Sanofi’s bid to catch the wave of enthusiasm surrounding the JP Morgan healthcare conference getting under way today has seen it buy Kymab for $1.1bn. True, this is nothing like Bristol swooping on Celgene, or even Lilly buying Loxo, deals that kicked off JP Morgan 2019, but it is one of the UK’s biggest biotech takeouts.

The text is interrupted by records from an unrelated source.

(* Let $p\colon X\to Y$ be an approximately invertible continuous surjection between (Tychonoff) spaces. If $X$ is a finite $C$-space, then so is $Y$.
   Context: A set is functionally open if it is a cozero set. $X$ is a finite $C$-space if for every sequence $\{\omega_n\}$ of finite covers of $X$ by functionally open sets there exist $k$ and finite families $\gamma_1,\dots,\gamma_k$ of pairwise disjoint functionally open sets such that each $\gamma_n$ refines $\omega_n$ and $\bigcup_{n=1}^k\gamma_n$ covers $X$. A map $p\colon X\to Y$ is approximately invertible if there exists a $C^*$-embedding $i\colon X\to Z$ into a space $Z$ such that for every collection $\mathcal W$ of open subsets of $Z$ refined by $\{i(p^{-1}(y)):y\in Y\}$, there is a continuous map $g\colon Y\to Z$ with $g\circ p$ $\mathcal W$-close to $i$, i.e. each set $\{g(p(x)),i(x)\}$, $x\in X$, is contained in some member of $\mathcal W$. *)

From HB Require Import structures.
From mathcomp Require Import all_boot all_order all_algebra.
From mathcomp Require Import all_classical all_reals.
From mathcomp Require Import topology normedtype.
Import numFieldNormedType.Exports.
Set Implicit Arguments. Unset Strict Implicit. Unset Printing Implicit Defensive.
Import Order.TTheory GRing.Theory Num.Theory.
Local Open Scope classical_set_scope.
Local Open Scope ring_scope.

(* Real-valued functions take values in an arbitrary realType R
   (all realTypes are isomorphic, so this is the usual real line). *)

Definition completely_regular (R : realType) (T : topologicalType) : Prop :=
  forall (a : T) (B : set T), closed B -> ~ B a ->
    exists f : T -> R, continuous f /\ f a = 0 /\ (forall b, B b -> f b = 1).

Definition tychonoff_space (R : realType) (T : topologicalType) : Prop :=
  accessible_space T /\ completely_regular R T.

Definition functionally_open (R : realType) (T : topologicalType) (U : set T) : Prop :=
  exists f : T -> R, continuous f /\ U = [set x | f x != 0].

Definition finite_C_space (R : realType) (X : topologicalType) : Prop :=
  forall omega : nat -> set (set X),
    (forall n, finite_set (omega n)) ->
    (forall n U, omega n U -> functionally_open R U) ->
    (forall n (x : X), exists U, omega n U /\ U x) ->
    exists (k : nat) (gamma : nat -> set (set X)),
      (forall n, (n < k)%N -> finite_set (gamma n)) /\
      (forall n U, (n < k)%N -> gamma n U -> functionally_open R U) /\
      (forall n U V, (n < k)%N -> gamma n U -> gamma n V -> U <> V ->
          U `&` V = set0) /\
      (forall n U, (n < k)%N -> gamma n U ->
          exists V, omega n V /\ U `<=` V) /\
      (forall x : X, exists n U, (n < k)%N /\ gamma n U /\ U x).

Definition top_embedding (X Z : topologicalType) (i : X -> Z) : Prop :=
  continuous i /\ injective i /\
  (forall U : set X, open U -> exists V : set Z, open V /\ i @^-1` V = U).

Definition Cstar_embedding (R : realType) (X Z : topologicalType) (i : X -> Z) : Prop :=
  top_embedding i /\
  forall f : X -> R, continuous f -> (exists M : R, forall x, `|f x| <= M) ->
    exists g : Z -> R, continuous g /\ (exists M : R, forall z, `|g z| <= M) /\
      (forall x, g (i x) = f x).

Definition approximately_invertible (R : realType) (X Y : topologicalType)
    (p : X -> Y) : Prop :=
  exists (Z : topologicalType) (i : X -> Z),
    tychonoff_space R Z /\ Cstar_embedding R i /\
    forall W : set (set Z),
      (forall V, W V -> open V) ->
      (forall y : Y, exists V, W V /\ i @` (p @^-1` [set y]) `<=` V) ->
      exists g : Y -> Z, continuous g /\
        forall x : X, exists V, W V /\ V (g (p x)) /\ V (i x).

From HB Require Import structures.
From mathcomp Require Import all_boot all_order all_algebra.
From mathcomp Require Import all_classical all_reals.
From mathcomp Require Import finmap topology normedtype lra.
Import numFieldNormedType.Exports.
Set Implicit Arguments. Unset Strict Implicit. Unset Printing Implicit Defensive.
Import Order.TTheory GRing.Theory Num.Theory.
Local Open Scope classical_set_scope.
Local Open Scope ring_scope.

(* Normalizing the cozero functions of a finite cozero cover omega_m of Y by
   their pointwise maximum gives functions phi_(m,O) whose superlevel sets
   [phi_(m,O) > 1/2] still cover Y.  Their preimages under p cover X, so X
   provides disjoint cozero families gamma_0, ..., gamma_(k-1), each member U
   of gamma_m lying in some p^-1 [phi_(m,O) > 1/2].  The C*-embedding
   i : X -> Z extends the cozero functions of the U's and the functions
   phi_(m,O) o p to Z.  The cell of U in gamma_m is the cozero set where the
   extension for U strictly dominates those of the other members of gamma_m
   and the extension of phi_(m,O) exceeds 1/2: cells of one gamma_m are
   disjoint, and i maps each fibre p^-1 y into the union of the cells, at
   points whose phi-coordinates are within 1/8 of those of y.  An approximate
   inverse g for these neighbourhoods pulls the cells back to disjoint cozero
   families on Y, and the 1/8-closeness forces g^-1 (cell U) to lie in O. *)

Lemma choice_on {A : Type} {B : pointedType} (P : A -> Prop) (Q : A -> B -> Prop) :
  (forall a, P a -> exists b, Q a b) -> exists f : A -> B, forall a, P a -> Q a (f a).
Proof.
move=> PQ; suff [f Pf] : {f : A -> B & forall a, P a -> Q a (f a)} by exists f.
apply: (@choice A B (fun a b => P a -> Q a b)) => a.
have [/PQ[b Qab]|NPa] := pselect (P a); first by exists b.
by exists point => /NPa.
Qed.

The driver seems to be Kymab’s Ox40L blocker KY1005, which generated phase II data in atopic dermatitis last August. Kymab also has an interesting pipeline of oncology projects, but this is at a rather early stage; thus the move again sees the French group putting up big bucks where others have preferred not to.
In Kymab’s case, those that have apparently chosen to remain on the sidelines include banks willing to underwrite a public market flotation. Kymab had been eyeing a US IPO as long ago as May 2019, revealing that it had filed a confidential registration statement with the SEC, but no IPO came about.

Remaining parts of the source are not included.